## PROBLEM DETAILS:
The answer should be an exact repeat of the stretch of material below from the line containing "Cint01 (fun t" through the line containing "for y = x a1".

## EXTRACTED MATERIAL:
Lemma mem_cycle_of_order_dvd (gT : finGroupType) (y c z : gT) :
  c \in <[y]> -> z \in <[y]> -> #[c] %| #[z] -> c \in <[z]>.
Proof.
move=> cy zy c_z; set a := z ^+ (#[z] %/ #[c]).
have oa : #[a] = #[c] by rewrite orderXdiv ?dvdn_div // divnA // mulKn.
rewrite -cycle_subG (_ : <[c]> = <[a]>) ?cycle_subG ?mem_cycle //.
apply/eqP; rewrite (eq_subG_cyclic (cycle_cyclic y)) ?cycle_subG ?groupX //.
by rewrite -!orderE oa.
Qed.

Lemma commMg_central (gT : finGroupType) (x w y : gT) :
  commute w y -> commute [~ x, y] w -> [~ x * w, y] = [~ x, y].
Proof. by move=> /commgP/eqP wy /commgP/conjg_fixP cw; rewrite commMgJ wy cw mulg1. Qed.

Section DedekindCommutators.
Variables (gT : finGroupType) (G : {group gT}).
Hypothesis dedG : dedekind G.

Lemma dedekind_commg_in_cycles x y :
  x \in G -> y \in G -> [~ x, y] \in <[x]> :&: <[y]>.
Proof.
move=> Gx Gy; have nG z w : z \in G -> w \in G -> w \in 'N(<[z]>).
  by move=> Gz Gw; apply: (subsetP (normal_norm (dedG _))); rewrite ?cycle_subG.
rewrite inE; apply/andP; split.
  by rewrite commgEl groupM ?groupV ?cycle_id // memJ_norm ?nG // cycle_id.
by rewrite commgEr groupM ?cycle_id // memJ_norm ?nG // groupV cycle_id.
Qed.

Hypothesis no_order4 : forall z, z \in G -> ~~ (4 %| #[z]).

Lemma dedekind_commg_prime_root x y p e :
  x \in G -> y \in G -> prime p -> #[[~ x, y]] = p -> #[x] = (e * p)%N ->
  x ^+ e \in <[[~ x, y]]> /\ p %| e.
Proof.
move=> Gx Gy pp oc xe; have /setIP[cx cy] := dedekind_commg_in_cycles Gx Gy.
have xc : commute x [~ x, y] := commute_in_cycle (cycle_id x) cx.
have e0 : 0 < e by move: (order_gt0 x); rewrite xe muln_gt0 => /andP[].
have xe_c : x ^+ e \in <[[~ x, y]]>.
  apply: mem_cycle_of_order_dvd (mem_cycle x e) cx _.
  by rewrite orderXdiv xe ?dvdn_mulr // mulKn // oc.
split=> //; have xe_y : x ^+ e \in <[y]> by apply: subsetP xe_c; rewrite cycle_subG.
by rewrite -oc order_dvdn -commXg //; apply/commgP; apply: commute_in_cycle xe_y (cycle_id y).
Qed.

==

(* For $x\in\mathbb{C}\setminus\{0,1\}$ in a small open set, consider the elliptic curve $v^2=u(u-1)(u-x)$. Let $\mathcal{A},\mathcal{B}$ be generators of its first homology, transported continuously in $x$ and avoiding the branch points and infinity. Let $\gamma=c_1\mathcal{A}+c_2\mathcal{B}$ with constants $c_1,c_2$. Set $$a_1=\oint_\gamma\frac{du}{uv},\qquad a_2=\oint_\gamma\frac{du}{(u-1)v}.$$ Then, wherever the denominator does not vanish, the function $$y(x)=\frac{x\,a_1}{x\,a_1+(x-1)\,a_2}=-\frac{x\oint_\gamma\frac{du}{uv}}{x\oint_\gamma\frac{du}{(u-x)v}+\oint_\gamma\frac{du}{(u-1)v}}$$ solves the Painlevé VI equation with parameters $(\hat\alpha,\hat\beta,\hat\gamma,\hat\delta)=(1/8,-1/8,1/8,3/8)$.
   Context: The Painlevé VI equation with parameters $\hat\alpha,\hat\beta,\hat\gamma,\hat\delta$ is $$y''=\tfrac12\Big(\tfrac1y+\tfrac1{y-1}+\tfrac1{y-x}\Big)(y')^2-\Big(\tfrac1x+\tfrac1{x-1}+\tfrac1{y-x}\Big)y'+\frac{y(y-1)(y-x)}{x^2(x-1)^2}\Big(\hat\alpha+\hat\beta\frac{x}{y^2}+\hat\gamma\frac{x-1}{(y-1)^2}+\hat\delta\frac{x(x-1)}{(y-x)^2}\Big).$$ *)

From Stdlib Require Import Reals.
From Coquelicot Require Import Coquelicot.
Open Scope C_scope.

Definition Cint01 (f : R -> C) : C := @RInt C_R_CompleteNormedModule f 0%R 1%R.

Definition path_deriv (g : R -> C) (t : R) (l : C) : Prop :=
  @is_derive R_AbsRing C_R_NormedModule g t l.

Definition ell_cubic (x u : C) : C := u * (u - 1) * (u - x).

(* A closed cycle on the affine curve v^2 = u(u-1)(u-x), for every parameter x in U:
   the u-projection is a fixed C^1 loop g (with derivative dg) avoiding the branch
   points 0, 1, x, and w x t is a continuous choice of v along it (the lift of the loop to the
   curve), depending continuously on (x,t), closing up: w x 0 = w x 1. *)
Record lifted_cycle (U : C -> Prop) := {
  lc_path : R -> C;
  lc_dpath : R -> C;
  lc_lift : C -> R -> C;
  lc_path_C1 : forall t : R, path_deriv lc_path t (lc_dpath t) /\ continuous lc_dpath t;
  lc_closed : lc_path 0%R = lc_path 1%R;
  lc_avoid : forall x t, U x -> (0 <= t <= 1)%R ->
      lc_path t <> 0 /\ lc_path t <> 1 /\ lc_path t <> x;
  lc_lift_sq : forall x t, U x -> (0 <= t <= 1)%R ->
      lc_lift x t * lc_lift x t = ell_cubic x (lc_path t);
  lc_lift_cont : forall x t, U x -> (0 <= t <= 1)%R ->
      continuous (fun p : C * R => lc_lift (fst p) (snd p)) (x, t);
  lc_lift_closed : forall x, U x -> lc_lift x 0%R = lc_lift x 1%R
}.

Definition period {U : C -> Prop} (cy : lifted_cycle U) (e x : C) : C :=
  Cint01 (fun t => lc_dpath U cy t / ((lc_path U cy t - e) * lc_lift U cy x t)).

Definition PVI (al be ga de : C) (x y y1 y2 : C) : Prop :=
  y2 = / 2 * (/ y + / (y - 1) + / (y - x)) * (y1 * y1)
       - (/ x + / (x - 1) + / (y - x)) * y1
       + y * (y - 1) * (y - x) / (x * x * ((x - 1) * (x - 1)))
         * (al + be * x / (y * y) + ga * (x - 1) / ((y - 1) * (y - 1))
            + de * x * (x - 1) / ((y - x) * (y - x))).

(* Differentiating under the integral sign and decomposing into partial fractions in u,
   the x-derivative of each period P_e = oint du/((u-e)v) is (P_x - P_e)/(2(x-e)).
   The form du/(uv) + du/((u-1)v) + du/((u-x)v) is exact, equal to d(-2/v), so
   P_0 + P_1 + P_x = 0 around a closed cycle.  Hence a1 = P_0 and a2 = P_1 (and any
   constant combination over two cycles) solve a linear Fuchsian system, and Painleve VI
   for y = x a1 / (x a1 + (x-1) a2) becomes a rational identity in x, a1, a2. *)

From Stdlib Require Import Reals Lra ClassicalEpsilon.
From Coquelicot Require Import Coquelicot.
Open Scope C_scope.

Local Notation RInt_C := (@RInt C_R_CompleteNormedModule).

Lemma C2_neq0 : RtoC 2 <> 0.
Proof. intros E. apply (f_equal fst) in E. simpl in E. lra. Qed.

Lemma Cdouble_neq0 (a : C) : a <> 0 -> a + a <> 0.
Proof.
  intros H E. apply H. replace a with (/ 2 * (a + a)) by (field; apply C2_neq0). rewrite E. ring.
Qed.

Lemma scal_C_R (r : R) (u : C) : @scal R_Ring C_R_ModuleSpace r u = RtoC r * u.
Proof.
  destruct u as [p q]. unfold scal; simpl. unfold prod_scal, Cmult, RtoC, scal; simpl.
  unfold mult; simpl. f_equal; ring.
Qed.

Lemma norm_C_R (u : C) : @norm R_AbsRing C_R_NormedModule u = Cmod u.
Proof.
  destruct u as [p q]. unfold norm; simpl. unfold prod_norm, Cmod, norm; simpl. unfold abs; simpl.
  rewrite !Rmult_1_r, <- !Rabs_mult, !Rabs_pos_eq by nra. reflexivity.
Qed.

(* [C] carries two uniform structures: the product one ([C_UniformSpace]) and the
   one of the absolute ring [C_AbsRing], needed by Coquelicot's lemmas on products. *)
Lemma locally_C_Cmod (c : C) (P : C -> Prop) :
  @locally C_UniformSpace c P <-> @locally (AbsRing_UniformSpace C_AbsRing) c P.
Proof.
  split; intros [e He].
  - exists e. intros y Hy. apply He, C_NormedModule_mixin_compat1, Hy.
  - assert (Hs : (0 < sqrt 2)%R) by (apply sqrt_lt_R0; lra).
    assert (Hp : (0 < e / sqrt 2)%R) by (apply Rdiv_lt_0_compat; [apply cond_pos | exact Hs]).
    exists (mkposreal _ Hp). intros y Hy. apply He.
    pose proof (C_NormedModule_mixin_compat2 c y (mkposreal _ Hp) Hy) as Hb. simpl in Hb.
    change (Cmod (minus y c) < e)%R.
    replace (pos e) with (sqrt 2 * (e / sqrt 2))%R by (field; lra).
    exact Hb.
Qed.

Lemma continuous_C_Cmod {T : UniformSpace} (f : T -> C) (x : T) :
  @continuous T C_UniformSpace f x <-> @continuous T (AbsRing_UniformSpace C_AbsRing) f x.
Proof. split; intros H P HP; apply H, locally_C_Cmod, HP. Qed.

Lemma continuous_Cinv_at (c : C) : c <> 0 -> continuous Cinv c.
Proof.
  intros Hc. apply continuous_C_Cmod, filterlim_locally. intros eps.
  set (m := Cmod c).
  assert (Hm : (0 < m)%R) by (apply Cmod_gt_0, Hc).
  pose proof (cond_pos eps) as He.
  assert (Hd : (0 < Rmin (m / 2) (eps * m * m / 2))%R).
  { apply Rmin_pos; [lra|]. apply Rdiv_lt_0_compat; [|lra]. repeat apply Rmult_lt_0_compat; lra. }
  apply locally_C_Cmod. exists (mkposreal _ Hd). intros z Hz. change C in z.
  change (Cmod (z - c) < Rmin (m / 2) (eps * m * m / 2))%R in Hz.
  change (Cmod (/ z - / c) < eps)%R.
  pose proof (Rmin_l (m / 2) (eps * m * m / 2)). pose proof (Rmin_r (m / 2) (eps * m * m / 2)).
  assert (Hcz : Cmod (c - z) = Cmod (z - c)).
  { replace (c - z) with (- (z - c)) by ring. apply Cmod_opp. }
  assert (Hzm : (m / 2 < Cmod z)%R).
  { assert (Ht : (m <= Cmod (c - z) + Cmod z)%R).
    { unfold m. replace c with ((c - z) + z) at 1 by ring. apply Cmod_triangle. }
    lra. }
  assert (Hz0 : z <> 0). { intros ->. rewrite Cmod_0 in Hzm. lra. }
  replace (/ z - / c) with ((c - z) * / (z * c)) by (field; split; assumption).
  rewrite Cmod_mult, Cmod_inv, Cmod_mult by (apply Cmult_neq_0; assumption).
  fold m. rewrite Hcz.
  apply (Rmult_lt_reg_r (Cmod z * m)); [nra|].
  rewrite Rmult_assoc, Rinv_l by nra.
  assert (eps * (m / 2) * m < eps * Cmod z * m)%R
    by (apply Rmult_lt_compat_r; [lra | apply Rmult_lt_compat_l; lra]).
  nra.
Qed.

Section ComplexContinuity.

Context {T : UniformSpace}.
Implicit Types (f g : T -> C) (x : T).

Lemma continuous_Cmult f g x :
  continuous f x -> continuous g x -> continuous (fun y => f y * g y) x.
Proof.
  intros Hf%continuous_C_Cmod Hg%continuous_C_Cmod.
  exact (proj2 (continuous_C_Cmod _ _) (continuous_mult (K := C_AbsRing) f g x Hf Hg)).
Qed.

## SOLUTION FOR THIS TASK:
  Cint01 (fun t => lc_dpath U cy t / ((lc_path U cy t - e) * lc_lift U cy x t)).

Definition PVI (al be ga de : C) (x y y1 y2 : C) : Prop :=
  y2 = / 2 * (/ y + / (y - 1) + / (y - x)) * (y1 * y1)
       - (/ x + / (x - 1) + / (y - x)) * y1
       + y * (y - 1) * (y - x) / (x * x * ((x - 1) * (x - 1)))
         * (al + be * x / (y * y) + ga * (x - 1) / ((y - 1) * (y - 1))
            + de * x * (x - 1) / ((y - x) * (y - x))).

(* Differentiating under the integral sign and decomposing into partial fractions in u,
   the x-derivative of each period P_e = oint du/((u-e)v) is (P_x - P_e)/(2(x-e)).
   The form du/(uv) + du/((u-1)v) + du/((u-x)v) is exact, equal to d(-2/v), so
   P_0 + P_1 + P_x = 0 around a closed cycle.  Hence a1 = P_0 and a2 = P_1 (and any
   constant combination over two cycles) solve a linear Fuchsian system, and Painleve VI
   for y = x a1 / (x a1 + (x-1) a2) becomes a rational identity in x, a1, a2. *)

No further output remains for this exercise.